> _YOUR ASSIGNMENT_
The answer must be every line of the records below that contains the word "starsE".

......

Lemma card_offset_array_stars k :
  #|[set t | offset_array t k == None]| = (m ^ n * (v - 2 ^ n))%N.
Proof.
pose filled (ae : vec * signs) : vec * 'Z_v := (ae.1, k - offset ae.1 ae.2).
have filledE : [set t | offset_array t k != None] = filled @: [set: vec * signs]%SET.
  apply/setP => -[a j]; rewrite inE /offset_array /=; apply/idP/imsetP.
    case: existsP => // -[e /eqP k_eq] _; exists (a, e); first by rewrite inE.
    by rewrite /filled k_eq addrK.
  by case=> -[a' e] _ [-> ->]; case: existsP => // -[]; exists e; rewrite subrK.
have filled_inj : injective filled.
  move=> [a1 e1] [a2 e2] same_cell.
  have a_eq : a1 = a2 := congr1 fst same_cell.
  have o_eq : k - offset a1 e1 = k - offset a2 e2 := congr1 snd same_cell.
  by have [_ ->] := offset_inj (oppr_inj (addrI _ o_eq)); rewrite a_eq.
have starsE : [set t | offset_array t k == None] = ~: [set t | offset_array t k != None].
  by apply/setP => t; rewrite !inE negbK.
have card_cells : #|{: vec * 'Z_v}| = (m ^ n * v)%N.
  by rewrite card_prod card_ffun !card_ord Zp_cast.
have card_filled : #|filled @: [set: vec * signs]%SET| = (m ^ n * 2 ^ n)%N.
  by rewrite card_imset // cardsT card_prod !card_ffun !card_ord card_bool.
have := cardsC [set t | offset_array t k != None].
by rewrite -starsE filledE card_filled card_cells mulnBr => <-; rewrite addKn.
Qed.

......

> _EXERCISE SOLUTION_
have starsE : [set t | offset_array t k == None] = ~: [set t | offset_array t k != None].
by rewrite -starsE filledE card_filled card_cells mulnBr => <-; rewrite addKn.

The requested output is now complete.